# Task prompt:
Retype, exactly and only, each line from the one containing "Lemma complex_ReM k1" to the end of the records below.

Stored data
——————————

(* Let $\Gamma$ be a connected, undirected graph without loops on $n$ nodes with Laplacian $\mathbf L=\mathbf K-\mathbf A$, and let $\phi_1,\dots,\phi_n$ be an orthonormal basis of $\mathbb R^n$ of eigenvectors of $\mathbf L$ with $\mathbf L\phi_i=\mu_i\phi_i$, and assume $\mu_i\neq 2$ for all $i$. For each $i$ let $\xi_i$ be a (complex) square root of $\mu_i^2-4$, $\lambda_i^+=\tfrac12(\xi_i-\mu_i)$, $\lambda_i^-=-\tfrac12(\xi_i+\mu_i)$. Let $$\mathbf G=\begin{bmatrix}\mathbf 0&\mathbf I\\-\mathbf I&-\mathbf L\end{bmatrix},$$ fix a node $h$, $F_0\in\mathbb R$ and $\omega>0$ with $\omega\neq1$, and let $\mathbf y(t)=(\mathbf x(t),\mathbf v(t))$ solve $\dot{\mathbf y}=\mathbf G\mathbf y+\mathbf b(t)$, $\mathbf y(0)=\mathbf 0$, with $\mathbf b(t)=F_0\sin(\omega t)(\mathbf 0,\mathbf e_h)^T$. Then $$\mathbf x(t)=\sum_{i=1}^n\frac{F_0\phi_i(h)}{\xi_i}\Bigg[\Big(\frac{1-(\lambda_i^-)^2}{\xi_i(\omega^2+(\lambda_i^-)^2)}+\frac{1-(\lambda_i^+)^2}{\xi_i(\omega^2+(\lambda_i^+)^2)}\Big)\sin\omega t+\Big(\frac{1}{\omega^2+(\lambda_i^-)^2}-\frac{1}{\omega^2+(\lambda_i^+)^2}\Big)\omega\cos\omega t+\frac{\omega\, e^{\lambda_i^+t}}{\omega^2+(\lambda_i^+)^2}-\frac{\omega\, e^{\lambda_i^-t}}{\omega^2+(\lambda_i^-)^2}\Bigg]\phi_i$$ and $$\mathbf v(t)=\sum_{i=1}^n\frac{F_0\phi_i(h)}{\xi_i}\Bigg[\Big(\frac{\lambda_i^-(1-(\lambda_i^-)^2)}{\xi_i(\omega^2+(\lambda_i^-)^2)}+\frac{\lambda_i^+(1-(\lambda_i^+)^2)}{\xi_i(\omega^2+(\lambda_i^+)^2)}\Big)\sin\omega t+\Big(\frac{\lambda_i^-}{\omega^2+(\lambda_i^-)^2}-\frac{\lambda_i^+}{\omega^2+(\lambda_i^+)^2}\Big)\omega\cos\omega t+\frac{\omega\lambda_i^+ e^{\lambda_i^+t}}{\omega^2+(\lambda_i^+)^2}-\frac{\omega\lambda_i^- e^{\lambda_i^-t}}{\omega^2+(\lambda_i^-)^2}\Bigg]\phi_i.$$
   Context: $\mathbf A$ is the adjacency matrix, $\mathbf K$ the diagonal degree matrix, $\mathbf I,\mathbf 0$ the $n\times n$ identity and zero matrices, $\mathbf e_h$ the $h$-th standard basis vector, $\phi_i(h)$ the $h$-th component of $\phi_i$. The equation is $\ddot{\mathbf x}+\mathbf L\dot{\mathbf x}+\mathbf x=F_0\sin(\omega t)\mathbf e_h$. $\lambda_i^\pm$ are the two roots of $\lambda^2+\mu_i\lambda+1=0$. *)

From HB Require Import structures.
From mathcomp Require Import all_boot all_order all_algebra.
From mathcomp Require Import complex.
From mathcomp Require Import all_classical all_reals all_analysis.
Set Implicit Arguments. Unset Strict Implicit. Unset Printing Implicit Defensive.
Import Order.TTheory GRing.Theory Num.Theory.
Local Open Scope ring_scope.

Section Defs.
Variable R : realType.

Definition is_simple_adjacency (n : nat) (A : 'M[R]_n) : Prop :=
  (forall i j, A i j = 0 \/ A i j = 1) /\
  (forall i j, A i j = A j i) /\
  (forall i, A i i = 0).

Definition graph_connected (n : nat) (A : 'M[R]_n) : Prop :=
  forall i j : 'I_n, connect (fun a b => A a b != 0) i j.

Definition degree_mx (n : nat) (A : 'M[R]_n) : 'M[R]_n :=
  diag_mx (\row_i \sum_j A i j).

Definition laplacian (n : nat) (A : 'M[R]_n) : 'M[R]_n := degree_mx A - A.

Definition Gmx (n : nat) (L : 'M[R]_n) : 'M[R]_(n + n) :=
  block_mx 0 1%:M (- 1%:M) (- L).

Definition forcing (n : nat) (h : 'I_n) (F0 w t : R) : 'cV[R]_(n + n) :=
  col_mx 0 ((F0 * sin (w * t)) *: delta_mx h 0).

Definition cexp (z : R[i]) : R[i] :=
  match z with Complex a b => Complex (expR a * cos b) (expR a * sin b) end.

Definition cvC (n : nat) (u : 'cV[R]_n) : 'cV[R[i]]_n :=
  map_mx (fun r : R => Complex r 0) u.

Definition RC (r : R) : R[i] := Complex r 0.

End Defs.

(* Projected on the orthonormal eigenbasis, z_i = phi_i^T x and u_i = phi_i^T v solve the
   damped forced oscillator z' = u, u' = - z - mu_i u + F0 phi_i(h) sin (w t) with zero
   initial data, and mu_i >= 0 because L is positive semidefinite.  The complex expression
   of the statement is a combination of sin, cos, e^(lp t) and e^(lm t), a span closed under
   differentiation; since lp lm = 1 and lp + lm = - mu_i it solves the same system, its
   denominators being nonzero because mu_i != 2 (so xi_i != 0) and w != 1 (no resonance).
   For mu >= 0 the energy z^2 + u^2 of the free oscillator is nonincreasing forward in time
   and e^(2 mu t) (z^2 + u^2) is nondecreasing, so its solution through the origin vanishes:
   the real parts of the complex solution are (z_i, u_i) and its imaginary parts vanish. *)

From HB Require Import structures.
From mathcomp Require Import all_boot all_order all_algebra.
From mathcomp Require Import complex.
From mathcomp Require Import all_classical all_reals all_analysis.
From mathcomp Require Import ring lra.
Import Order.TTheory GRing.Theory Num.Theory.
Import numFieldNormedType.Exports.
Local Open Scope ring_scope.
Set Implicit Arguments. Unset Strict Implicit. Unset Printing Implicit Defensive.


Section RealDerivatives.
Variable R : realType.
Implicit Types (f g : R -> R) (s t c : R).

Lemma is_derive_mul_cst t c : is_derive t 1 (fun s => c * s) c.
Proof. by have := is_deriveZ c (is_derive_id t 1); rewrite scaler1. Qed.

Lemma is_derive_mul f g t df dg : is_derive t 1 f df -> is_derive t 1 g dg ->
  is_derive t 1 (fun s => f s * g s) (f t * dg + g t * df).
Proof. exact: is_deriveM. Qed.

Lemma is_derive_expR_mul t c : is_derive t 1 (fun s => expR (c * s)) (expR (c * t) * c).
Proof. exact: is_derive1_comp (is_derive_expR _) (is_derive_mul_cst _ _). Qed.

Lemma is_derive_sin_mul t c : is_derive t 1 (fun s => sin (c * s)) (cos (c * t) * c).
Proof. exact: is_derive1_comp (is_derive_sin _) (is_derive_mul_cst _ _). Qed.

Lemma is_derive_cos_mul t c : is_derive t 1 (fun s => cos (c * s)) (- sin (c * t) * c).
Proof. exact: is_derive1_comp (is_derive_cos _) (is_derive_mul_cst _ _). Qed.

Lemma is_derive_ge0_homo f (df : R -> R) :
  (forall t, is_derive t 1 f (df t)) -> (forall t, 0 <= df t) ->
  {homo f : s t / s <= t}.
Proof.
move=> fd df_ge0 s t; rewrite le_eqVlt => /predU1P[-> //|st].
have fcont : continuous f.
  by move=> x; have [fx _] := fd x; exact/differentiable_continuous/derivable1_diffP.
have [c _ fst] := MVT st (fun x _ => fd x) (continuous_subspaceT fcont).
by rewrite -subr_ge0 fst mulr_ge0 // subr_ge0 ltW.
Qed.

Lemma damped_oscillator_eq0 (mu : R) (p q : R -> R) : 0 <= mu ->
  (forall t, is_derive t 1 p (q t)) ->
  (forall t, is_derive t 1 q (- p t - mu * q t)) -> p 0 = 0 -> q 0 = 0 ->
  forall t, p t = 0 /\ q t = 0.
Proof.
move=> mu_ge0 dp dq p0 q0 t.
pose E s := p s * p s + q s * q s.
have dE s : is_derive s 1 E (- (2 * mu * (q s * q s))).
  apply: is_derive_eq (is_deriveD (is_derive_mul (dp s) (dp s)) (is_derive_mul (dq s) (dq s))) _.
  by ring.
have E0 : E 0 = 0 by rewrite /E p0 q0 mulr0 addr0.
suff Et : E t <= 0 by split; rewrite /E in Et; nra.
have [t_ge0|t_le0] := leP 0 t.
- have dNE s : is_derive s 1 (fun s => - E s) (2 * mu * (q s * q s)).
    by apply: is_derive_eq (is_deriveN (dE s)) _; rewrite opprK.
  have dNE_ge0 s : 0 <= 2 * mu * (q s * q s) by nra.
  have := is_derive_ge0_homo dNE dNE_ge0.
  by move/(_ 0 t t_ge0); rewrite E0 oppr0 oppr_ge0.
- pose G s := expR (2 * mu * s) * E s.
  have dG s : is_derive s 1 G (expR (2 * mu * s) * (2 * mu * (p s * p s))).
    apply: is_derive_eq (is_derive_mul (is_derive_expR_mul s (2 * mu)) (dE s)) _.
    by rewrite /E; ring.
  have dG_ge0 s : 0 <= expR (2 * mu * s) * (2 * mu * (p s * p s)).
    by rewrite mulr_ge0 ?expR_ge0 //; nra.
  have := is_derive_ge0_homo dG dG_ge0 (ltW t_le0).
  rewrite /G E0 mulr0 => Gt; have := expR_gt0 (2 * mu * t); nra.
Qed.

End RealDerivatives.

Section RealEmbedding.
Variable R : realType.
Implicit Types a b : R.

Lemma RCD a b : RC (a + b) = RC a + RC b.
Proof. by rewrite /RC; simpc. Qed.

Lemma RCN a : RC (- a) = - RC a.
Proof. by rewrite /RC; simpc. Qed.

Lemma RCM a b : RC (a * b) = RC a * RC b.
Proof. by rewrite /RC; simpc. Qed.

Lemma RC_sqr_sub4 a : RC (a ^+ 2 - 4) = RC a ^+ 2 - 4.
Proof. by rewrite /RC; simpc. Qed.

Lemma RC_sum I r (P : pred I) (F : I -> R) :
  RC (\sum_(i <- r | P i) F i) = \sum_(i <- r | P i) RC (F i).
Proof. exact: (big_morph (@RC R) RCD). Qed.

End RealEmbedding.

Section ComplexDerivatives.
Variable R : realType.
Implicit Types (s t : R) (k d : R[i]) (g : R -> R[i]).

Lemma complex_ReD k1 k2 : complex.Re (k1 + k2) = complex.Re k1 + complex.Re k2.
Proof. by case: k1; case: k2. Qed.

Lemma complex_ImD k1 k2 : complex.Im (k1 + k2) = complex.Im k1 + complex.Im k2.
Proof. by case: k1; case: k2. Qed.

Lemma complex_ReM k1 k2 :
  complex.Re (k1 * k2) = complex.Re k1 * complex.Re k2 - complex.Im k1 * complex.Im k2.
Proof. by case: k1; case: k2. Qed.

——————————

# Answer:
Lemma complex_ReM k1 k2 :
  complex.Re (k1 * k2) = complex.Re k1 * complex.Re k2 - complex.Im k1 * complex.Im k2.
Proof. by case: k1; case: k2. Qed.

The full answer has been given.